A: I get asked this a lot. Here’s what I wrote not too long ago:

 A: It depends on the breed and your goals.

How long do you plan to raise them?  It depends on the size you want.  Somewhere between 6 and 8 weeks should do it for Cornish.  I like big birds, so I do 8 weeks, but they are practically the size of small turkeys by then.  By 10 weeks they may have problems from getting too big.

This is very efficient feed with no losses to dust and it is nutrient dense so you can figure on a "feed conversion rate" of around 2.5 to 1 if the weather is decent, more like 3:1 if it is not.  What that translates into is, say you grow a bird to a butcher weight of 7 lbs.  (That's live weight.)   It will eat about 7 x 2.5 lbs. of feed, or about 15-18 lbs. of feed in its lifetime.  Worst case would be 21 lbs., best case, 15 lbs. 

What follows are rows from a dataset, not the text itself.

Lemma mid_value s x nd : node_valid nd ->
  relu (mid_bias s nd + node_sum (fun src => mid_weight s src nd * activation s x src))
  = activation (S s) x nd.
Proof.
  unfold node_sum; destruct nd as [j|l|l| | |]; cbn [mid_weight mid_bias node_valid]; intros Hv.
  - cbn [activation]; rewrite rsum_0_mul, Rplus_0_l, <- rsum_plus.
    rewrite (rsum_ext m1 _ (fun l => / 2 * (w (S s * G + j) l * x l))) by (intros; apply relu_parts_mul).
    rewrite rsum_scal, scale_late by nia; rewrite <- relu_div by lra.
    unfold neuron; f_equal; field.
  - cbn [activation]; rewrite !rsum_0_mul, rsum_delta by auto.
    transitivity (relu (relu (x l))); [f_equal; ring|apply relu_relu].
  - cbn [activation]; rewrite !rsum_0_mul, rsum_delta by auto.
    transitivity (relu (relu (- x l))); [f_equal; ring|apply relu_relu].
  - rewrite !rsum_0_mul; apply relu_neg; lra.
  - cbn [activation]; rewrite !rsum_0_mul, <- (accumulator_step cpos cpos_nonneg s x).
    f_equal; cbn [activation]; ring.
  - cbn [activation]; rewrite !rsum_0_mul, <- (accumulator_step cneg cneg_nonneg s x).
    f_equal; cbn [activation]; ring.
Qed.

Lemma mid_l1 s nd : node_valid nd ->
  Rabs (mid_bias s nd) + node_sum (fun src => Rabs (mid_weight s src nd)) <= 1.
Proof.
  unfold node_sum; destruct nd as [j|l|l| | |]; cbn [mid_weight mid_bias node_valid]; intros Hv;
    rewrite ?Rabs_R0, ?rsum_0.
  - set (i := (S s * G + j)%nat).
    rewrite (rsum_ext m1 _ (fun l => / 2 * Rabs (w i l)))
      by (intros; rewrite Rabs_div_pos by lra; unfold Rdiv; ring).
    rewrite (rsum_ext m1 (fun l => Rabs (- (w i l / 2))) (fun l => / 2 * Rabs (w i l)))
      by (intros; rewrite Rabs_Ropp, Rabs_div_pos by lra; unfold Rdiv; ring).
    rewrite rsum_scal, Rabs_div_pos by lra.
    pose proof (params_l1 i); pose proof (Rabs_pos (b i)); lra.
  - rewrite (rsum_ext m1 _ (fun l' => delta l' l)) by (intros; apply Rabs_delta).
    rewrite rsum_delta_1 by auto; lra.
  - rewrite (rsum_ext m1 _ (fun l' => delta l' l)) by (intros; apply Rabs_delta).
    rewrite rsum_delta_1 by auto; lra.
  - rewrite Rabs_m1; lra.
  - pose proof (accumulator_l1 cpos cpos_nonneg s); lra.
  - pose proof (accumulator_l1 cneg cneg_nonneg s); lra.
Qed.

If they were housed in perfect (inside) conditions) the conversion would be more like 2:1, or 14 lbs.  You don't count on the grass for much of their growth.  It's more like salad.  It makes them healthier, it makes them happier and they like to eat it, but it doesn't put much weight on them.  If you like a smaller bird of course it will eat less and be ready younger.

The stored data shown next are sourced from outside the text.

Lemma rec_iter f (base : nat -> nat) (step : nat -> nat -> nat -> nat) :
  (forall y, f 0 y = base y) -> (forall n y, f (S n) y = step n (f n y) y) ->
  Rec 1 (fun l => base (nth 0 l 0)) ->
  Rec 3 (fun l => step (nth 0 l 0) (nth 1 l 0) (nth 2 l 0)) ->
  Rec 2 (fun l => f (nth 0 l 0) (nth 1 l 0)).
Proof.
  intros H0 HS Hb Hs.
  eapply rec_ext; [|exact (rec_prim 1 (fun l => base (nth 0 l 0)) _ Hb Hs)].
  intros [|n [|y []]] Hl; try discriminate. cbn [hd tl nth].
  induction n; simpl; [auto | rewrite HS, <- IHn; reflexivity].
Qed.

Lemma rec_iter1 f (base : nat) (step : nat -> nat -> nat) :
  f 0 = base -> (forall n, f (S n) = step n (f n)) ->
  Rec 2 (fun l => step (nth 0 l 0) (nth 1 l 0)) -> Rec 1 (fun l => f (nth 0 l 0)).
Proof.
  intros H0 HS Hs.
  apply (rec_op2 (fun n _ => f n) 1 (fun l => nth 0 l 0) (fun _ => 0));
    [|apply rec_proj; lia | apply rec_zero].
  apply (rec_iter (fun n _ => f n) (fun _ => base) (fun n r _ => step n r));
    auto using rec_const.
  exact (rec_op2 step 3 _ _ Hs (rec_proj 3 0 ltac:(lia)) (rec_proj 3 1 ltac:(lia))).
Qed.

Lemma rec_add2 : Rec 2 (fun l => nth 0 l 0 + nth 1 l 0).
Proof.
  apply (rec_iter Nat.add (fun y => y) (fun _ r _ => S r)); auto.
  - apply rec_proj; lia.
  - apply rec_succ, rec_proj; lia.
Qed.

Lemma rec_mul2 : Rec 2 (fun l => nth 0 l 0 * nth 1 l 0).
Proof.
  apply (rec_iter Nat.mul (fun _ => 0) (fun _ r y => y + r)); auto using rec_zero.
  apply (rec_op2 Nat.add); [exact rec_add2 | apply rec_proj; lia ..].
Qed.

Lemma rec_pred1 : Rec 1 (fun l => pred (nth 0 l 0)).
Proof. apply (rec_iter1 pred 0 (fun n _ => n)); auto. apply rec_proj; lia. Qed.

Lemma rec_sub2 : Rec 2 (fun l => nth 0 l 0 - nth 1 l 0).
Proof.
  apply (rec_op2 (fun y x => x - y) 2 (fun l => nth 1 l 0) (fun l => nth 0 l 0));
    [|apply rec_proj; lia ..].
  apply (rec_iter (fun y x => x - y) (fun x => x) (fun _ r _ => pred r)).
  - intros; apply Nat.sub_0_r.
  - intros; lia.
  - apply rec_proj; lia.
  - apply (rec_op1 pred); [exact rec_pred1 | apply rec_proj; lia].
Qed.

Lemma rec_ifz3 : Rec 3 (fun l => if nth 0 l 0 =? 0 then nth 1 l 0 else nth 2 l 0).
Proof.
  eapply rec_ext;
    [|apply (rec_prim 2 (fun l => nth 0 l 0) (fun l => nth 3 l 0)); apply rec_proj; lia].
  intros [|[] [|x [|y []]]] Hl; try discriminate; reflexivity.
Qed.

Lemma rec_plus k A B : Rec k A -> Rec k B -> Rec k (fun l => A l + B l).
Proof. apply (rec_op2 Nat.add), rec_add2. Qed.

Lemma rec_times k A B : Rec k A -> Rec k B -> Rec k (fun l => A l * B l).
Proof. apply (rec_op2 Nat.mul), rec_mul2. Qed.

Lemma rec_minus k A B : Rec k A -> Rec k B -> Rec k (fun l => A l - B l).
Proof. apply (rec_op2 Nat.sub), rec_sub2. Qed.

Lemma rec_ifz k Z X Y : Rec k Z -> Rec k X -> Rec k Y ->
  Rec k (fun l => if Z l =? 0 then X l else Y l).
Proof. apply (rec_op3 (fun z x y => if z =? 0 then x else y)), rec_ifz3. Qed.

Lemma rec_ifeq k A B X Y : Rec k A -> Rec k B -> Rec k X -> Rec k Y ->
  Rec k (fun l => if A l =? B l then X l else Y l).
Proof.
  intros HA HB HX HY.
  eapply rec_ext; [|apply (rec_ifz k (fun l => (A l - B l) + (B l - A l)) X Y);
                    auto using rec_plus, rec_minus].
  intros l _; cbv beta.
  destruct (Nat.eqb_spec (A l - B l + (B l - A l)) 0), (Nat.eqb_spec (A l) (B l));
    try reflexivity; lia.
Qed.

Lemma rec_ifle k A B X Y : Rec k A -> Rec k B -> Rec k X -> Rec k Y ->
  Rec k (fun l => if A l <=? B l then X l else Y l).
Proof.
  intros HA HB HX HY.
  eapply rec_ext; [|apply (rec_ifz k (fun l => A l - B l) X Y); auto using rec_minus].
  intros l _; cbv beta.
  destruct (Nat.eqb_spec (A l - B l) 0), (Nat.leb_spec (A l) (B l)); try reflexivity; lia.
Qed.

Lemma rec_iflt k A B X Y : Rec k A -> Rec k B -> Rec k X -> Rec k Y ->
  Rec k (fun l => if A l <? B l then X l else Y l).
Proof.
  intros HA HB HX HY.
  eapply rec_ext; [|apply (rec_ifz k (fun l => B l - A l) Y X); auto using rec_minus].
  intros l _; cbv beta.
  destruct (Nat.eqb_spec (B l - A l) 0), (Nat.ltb_spec (A l) (B l)); try reflexivity; lia.
Qed.

Fixpoint bsum (f : nat -> nat) (n : nat) : nat :=
  match n with 0 => 0 | S n' => bsum f n' + f n' end.

Lemma map_nth_seq (l : list nat) k s :
  length l = s + k -> map (fun i => nth i l 0) (seq s k) = skipn s l.
Proof.
  revert l s; induction k; intros l s Hl; simpl.
  - rewrite skipn_all2; auto; lia.
  - rewrite IHk by lia.
    assert (Hs : s < length l) by lia.
    clear IHk Hl. revert l Hs; induction s; intros [|a l] Hs; simpl in *; try lia; auto.
    apply IHs; lia.
Qed.

Lemma rec_projs n s k : s + k <= n -> Forall (Rec n) (map (fun i l => nth i l 0) (seq s k)).
Proof.
  intros H. apply Forall_forall. intros f Hf.
  apply in_map_iff in Hf as [i [<- Hi]]. apply in_seq in Hi. apply rec_proj; lia.
Qed.

Lemma rec_skipn k s F A : Rec (S k) F -> Rec (s + k) A ->
  Rec (s + k) (fun l => F (A l :: skipn s l)).
Proof.
  intros HF HA.
  eapply rec_ext; [|apply (rec_comp (s + k) (A :: map (fun i l => nth i l 0) (seq s k)) F)].
  - intros l Hl. cbn [map]. rewrite map_map, map_nth_seq by lia. reflexivity.
  - constructor; auto using rec_projs.
  - simpl. rewrite length_map, length_seq. exact HF.
Qed.

Lemma rec_tl k A : Rec k A -> Rec (S k) (fun l => A (tl l)).
Proof.
  intros HA.
  eapply rec_ext; [|apply (rec_comp (S k) (map (fun i l => nth i l 0) (seq 1 k)) A)].
  - intros l Hl. cbv beta. rewrite map_map, (map_nth_seq l k 1) by lia. reflexivity.
  - apply rec_projs; lia.
  - rewrite length_map, length_seq. exact HA.
Qed.

Lemma rec_bsum k (F : nat -> list nat -> nat) B :
  Rec (S k) (fun l => F (hd 0 l) (tl l)) -> Rec k B ->
  Rec k (fun l => bsum (fun i => F i l) (B l)).
Proof.
  intros HF HB.
  set (G := fun l : list nat => nth 1 l 0 + F (nth 0 l 0) (skipn 2 l)).
  assert (HG : Rec (2 + k) G).
  { apply rec_plus; [apply rec_proj; lia|].
    apply (rec_skipn k 2 _ (fun l => nth 0 l 0) HF). apply rec_proj; lia. }
  eapply rec_ext; [|exact (rec_skipn k 0 _ B (rec_prim k (fun _ => 0) G (rec_zero k) HG) HB)].
  intros l _. cbn [hd tl skipn]. induction (B l); simpl; auto.
  rewrite IHn. reflexivity.
Qed.

#[local] Hint Resolve rec_const rec_succ rec_plus rec_times rec_minus
  rec_ifeq rec_ifle rec_iflt rec_nth_tl rec_hd rec_tl rec_bsum : rec.
#[local] Hint Extern 1 (Rec _ (fun l => nth _ l 0)) => apply rec_proj; simpl; lia : rec.

Ltac rec_auto := solve [auto 40 with rec].

(** * Bounded sums and decoding *)

Lemma bsum_ext f g n : (forall i, i < n -> f i = g i) -> bsum f n = bsum g n.
Proof. induction n; simpl; intros H; auto. rewrite IHn, H; auto. Qed.

Lemma bsum_indicator_lt s n : bsum (fun i => if i <? s then 1 else 0) n = Nat.min s n.
Proof. induction n; simpl; [lia|]. rewrite IHn. destruct (Nat.ltb_spec n s); lia. Qed.

Lemma bsum_eq0 f n : bsum f n = 0 <-> forall i, i < n -> f i = 0.
Proof.
  induction n; simpl; split; intros H.
  - intros; lia.
  - auto.
  - intros i Hi. destruct (Nat.eq_dec i n); [subst; lia|]. apply IHn; lia.
  - rewrite (proj2 IHn) by (intros; apply H; lia). rewrite H by lia. reflexivity.
Qed.

Lemma bsum_single f j n : (forall i, i <> j -> f i = 0) ->
  bsum f n = if j <? n then f j else 0.
Proof.
  intros H. induction n; simpl; auto. rewrite IHn.
  destruct (Nat.ltb_spec j n), (Nat.ltb_spec j (S n)); try lia.
  - rewrite (H n) by lia. lia.
  - replace n with j by lia. lia.
  - rewrite (H n) by lia. reflexivity.
Qed.

Lemma le_bsum f n i : i < n -> f i <= bsum f n.
Proof.
  induction n; simpl; intros Hi; [lia|].
  destruct (Nat.eq_dec i n); [subst; lia | specialize (IHn ltac:(lia)); lia].
Qed.

Lemma bsum_neq0 f n : bsum f n <> 0 -> exists i, i < n /\ f i <> 0.
Proof.
  induction n; simpl; intros H; [lia|].
  destruct (Nat.eq_dec (f n) 0) as [E|E]; [|exists n; auto].
  destruct IHn as [i Hi]; [lia|]. exists i. split; [lia | tauto].
Qed.

Lemma bsum_pos f n i : i < n -> f i <> 0 -> bsum f n <> 0.
Proof. intros Hi Hf. pose proof (le_bsum f n i Hi). lia. Qed.

Definition bdiv a b := bsum (fun q => if S q * b <=? a then 1 else 0) a.

Lemma bdiv_spec a b : b <> 0 -> bdiv a b = a / b.
Proof.
  intros Hb. unfold bdiv.
  rewrite (bsum_ext _ (fun i => if i <? a / b then 1 else 0)).
  - rewrite bsum_indicator_lt. assert (a / b <= a) by (apply Nat.Div0.div_le_upper_bound; nia). lia.
  - intros i _. destruct (Nat.leb_spec (S i * b) a), (Nat.ltb_spec i (a / b)); auto.
    + exfalso. assert (S i <= a / b) by (apply Nat.div_le_lower_bound; nia). lia.
    + exfalso. assert (b * (a / b) <= a) by (apply Nat.Div0.mul_div_le). nia.
Qed.

Lemma rec_bdiv k A B : Rec k A -> Rec k B -> Rec k (fun l => bdiv (A l) (B l)).
Proof. apply (rec_op2 bdiv). unfold bdiv. rec_auto. Qed.

Lemma rec_pow2 k A : Rec k A -> Rec k (fun l => 2 ^ A l).
Proof.
  apply (rec_op1 (fun n => 2 ^ n)).
  apply (rec_iter1 (fun n => 2 ^ n) 1 (fun _ r => r + r)); [auto | intros; simpl; lia | rec_auto].
Qed.

#[local] Hint Resolve rec_bdiv rec_pow2 : rec.

Definition tri (s : nat) : nat := bsum S s.

Lemma tri_double s : 2 * tri s = s * (s + 1).
Proof. induction s; unfold tri in *; simpl in *; lia. Qed.

Lemma tri_mono a b : a <= b -> tri a <= tri b.
Proof. induction 1; unfold tri in *; simpl; lia. Qed.

Lemma le_tri s : s <= tri s.
Proof. induction s; unfold tri in *; simpl; lia. Qed.

Lemma cpair_tri a b : cpair a b = tri (a + b) + b.
Proof.
  unfold cpair. f_equal. rewrite <- tri_double, Nat.mul_comm. apply Nat.div_mul. lia.
Qed.

(* the diagonal [a + b] of [cpair a b] is the number of [s < m] with [tri (S s) <= m] *)
Definition unpair_diag m := bsum (fun s => if tri (S s) <=? m then 1 else 0) m.
Definition unpair2 m := m - tri (unpair_diag m).
Definition unpair1 m := unpair_diag m - unpair2 m.

Lemma unpair_diag_cpair a b : unpair_diag (cpair a b) = a + b.
Proof.
  rewrite cpair_tri. unfold unpair_diag.
  rewrite (bsum_ext _ (fun i => if i <? a + b then 1 else 0)).
  - rewrite bsum_indicator_lt. pose proof (le_tri (a + b)). lia.
  - intros i _.
    destruct (Nat.leb_spec (tri (S i)) (tri (a + b) + b)), (Nat.ltb_spec i (a + b)); auto.
    + exfalso. assert (tri (S (a + b)) <= tri (S i)) by (apply tri_mono; lia).
      unfold tri in *; simpl in *. lia.
    + exfalso. assert (tri (S i) <= tri (a + b)) by (apply tri_mono; lia). lia.
Qed.

Lemma unpair2_cpair a b : unpair2 (cpair a b) = b.
Proof. unfold unpair2. rewrite unpair_diag_cpair, cpair_tri. lia. Qed.

Lemma unpair1_cpair a b : unpair1 (cpair a b) = a.
Proof. unfold unpair1. rewrite unpair_diag_cpair, unpair2_cpair. lia. Qed.

Lemma rec_unpair_diag k A : Rec k A -> Rec k (fun l => unpair_diag (A l)).
Proof. apply (rec_op1 unpair_diag). unfold unpair_diag, tri. rec_auto. Qed.
#[local] Hint Resolve rec_unpair_diag : rec.

Lemma rec_unpair2 k A : Rec k A -> Rec k (fun l => unpair2 (A l)).
Proof. intros. unfold unpair2, tri. rec_auto. Qed.
#[local] Hint Resolve rec_unpair2 : rec.

Lemma rec_unpair1 k A : Rec k A -> Rec k (fun l => unpair1 (A l)).
Proof. intros. unfold unpair1. rec_auto. Qed.
#[local] Hint Resolve rec_unpair1 : rec.

Definition word_hd w := unpair1 (w - 1).
Definition word_tl w := unpair2 (w - 1).
Definition word_drop i w := Nat.iter i word_tl w.
Definition word_nth i w := word_hd (word_drop i w).
Definition word_len w := bsum (fun i => if word_drop i w =? 0 then 0 else 1) w.

Lemma word_hd_code l : word_hd (code_word l) = hd 0 l.
Proof.
  destruct l; [reflexivity|]. unfold word_hd; simpl. rewrite Nat.sub_0_r, unpair1_cpair; auto.
Qed.

Lemma word_tl_code l : word_tl (code_word l) = code_word (tl l).
Proof.
  destruct l; [reflexivity|]. unfold word_tl; simpl. rewrite Nat.sub_0_r, unpair2_cpair; auto.
Qed.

If you had 100 birds, for the season you would use 100 x 18 lbs. = 1800 lbs. of feed (1500-2100).  Fifty birds = 900 lbs., etc.  How big you want them, the weather, etc. all figures in.

 

Q: How about Ranger-type birds?  How much do alternative breeds eat in a pasture model?

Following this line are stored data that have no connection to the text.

(* [S := Z diag(c)] with [c_i = mu_i^(-1/2)] on the support of [mu] (and [0] off it)
   is a partial isometry, and [S^* Z = diag(sqrt mu)]. *)
Lemma gram_diagm_partial_isometry n Z mu : Meq n (mmul n (adj Z) Z) (diagm mu) ->
  exists S, orth_proj n (mmul n (adj S) S) /\ orth_proj n (mmul n S (adj S)) /\
    Cre (trace n (mmul n (adj S) Z)) = rsum n (fun i => sqrt (mu i)).
Proof.
  intros HZ.
  set (c := fun i => if Rlt_dec 0 (mu i) then / sqrt (mu i) else 0).
  set (e := fun i => if Rlt_dec 0 (mu i) then 1 else 0).
  assert (Hsq : forall i, 0 < mu i -> sqrt (mu i) * sqrt (mu i) = mu i /\ sqrt (mu i) <> 0).
  { intros i Hi. split; [apply sqrt_sqrt; lra | apply Rgt_not_eq, sqrt_lt_R0; lra]. }
  set (S := mmul n Z (diagm c)). exists S.
  assert (HSS : Meq n (mmul n (adj S) S) (diagm e)).
  { unfold S. rewrite adj_mmul, adj_diagm, !mmul_assoc, <- (mmul_assoc n (adj Z) Z), HZ, !diagm_mul.
    apply diagm_ext. intros i _. unfold c, e.
    destruct (Rlt_dec 0 (mu i)) as [Hi|]; [|ring].
    destruct (Hsq i Hi) as [Hq Hnz]. rewrite <- Hq at 2. field; auto. }
  assert (HSe : Meq n (mmul n S (diagm e)) S).
  { unfold S. rewrite mmul_assoc, diagm_mul, (diagm_ext n _ c); [reflexivity|].
    intros i _. unfold c, e. destruct (Rlt_dec 0 (mu i)); ring. }
  split; [|split].
  - split.
    + unfold hermitian. rewrite HSS, adj_diagm. reflexivity.
    + rewrite HSS, diagm_mul. apply diagm_ext. intros i _. unfold e.
      destruct (Rlt_dec 0 (mu i)); ring.
  - split.
    + unfold hermitian. rewrite adj_mmul, adj_involutive. reflexivity.
    + rewrite !mmul_assoc, <- (mmul_assoc n (adj S) S), HSS, <- mmul_assoc, HSe.
      reflexivity.
  - unfold S. rewrite adj_mmul, adj_diagm, mmul_assoc, HZ, diagm_mul, trace_diagm. simpl.
    apply rsum_ext. intros i _. unfold c. destruct (Rlt_dec 0 (mu i)) as [Hi|Hi].
    + destruct (Hsq i Hi) as [Hq Hnz]. rewrite <- Hq at 2. field; auto.
    + rewrite sqrt_neg_0; lra.
Qed.

Lemma trace_norm_polar n X W mu : spectral n (mmul n (adj X) X) W mu ->
  exists V, orth_proj n (mmul n V (adj V)) /\ orth_proj n (mmul n (adj V) V) /\
    trace_norm_via n W mu = Cre (trace n (mmul n V X)).
Proof.
  intros Hsp. pose proof Hsp as [HW _]. unfold unitary in HW.
  assert (HZ : Meq n (mmul n (adj (mmul n X W)) (mmul n X W)) (diagm mu)).
  { rewrite <- (spectral_diagonalize n _ W mu Hsp), adj_mmul, !mmul_assoc. reflexivity. }
  destruct (gram_diagm_partial_isometry n _ mu HZ) as (S & HS1 & HS2 & HStr).
  exists (mmul n W (adj S)).
  split; [|split].
  - assert (E : Meq n (mmul n (mmul n W (adj S)) (adj (mmul n W (adj S))))
                      (mmul n (mmul n W (mmul n (adj S) S)) (adj W))).
    { rewrite adj_mmul, adj_involutive, !mmul_assoc. reflexivity. }
    rewrite E. apply orth_proj_conj; auto.
  - assert (E : Meq n (mmul n (adj (mmul n W (adj S))) (mmul n W (adj S))) (mmul n S (adj S))).
    { rewrite adj_mmul, adj_involutive, mmul_assoc, <- (mmul_assoc n (adj W) W), HW, mmul_idm_l.
      reflexivity. }
    rewrite E. auto.
  - rewrite trace_norm_via_eq by exact HW. rewrite <- HStr.
    rewrite mmul_assoc, (trace_mmul_comm n W), mmul_assoc. reflexivity.
Qed.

A: Figures based on the various alternative breeds are less well studied and less reliable, because of the many differences in management inherent in pasture based systems in different areas, different climates and so on.  The best numbers I have found so far (and I’d love to see more) are from a SARE grant I’ll cite here:

     https://projects.sare.org/project-reports/fnc09-771/

     and the graphs are here: 

     https://cdn.sare.org/wpcontent/uploads/20171204135213/927503sare-charts.docx

My takeaway from their study was that the Rangers were going to have to live longer, and although they ate about the same amount of feed per day as the Cornish, they ate for more days and so came out eating about 30% more by the time they were harvested.  They found that if a Cornish bird used between 15 and 18 lbs. of feed (see above), a Ranger might eat from 19.5 lbs. to 27 lbs.  I did the math myself from their figures, so they are not written in stone, and they are based on extrapolation from their data.   I think those numbers might be a little high.  Chances are, the Rangers will be harvested smaller than the Cornish, so the lower number is probably more accurate.  But between weather, management practices and quality of feed, your mileage is likely to vary quite a lot.

That’s my take on it from what I have seen to date.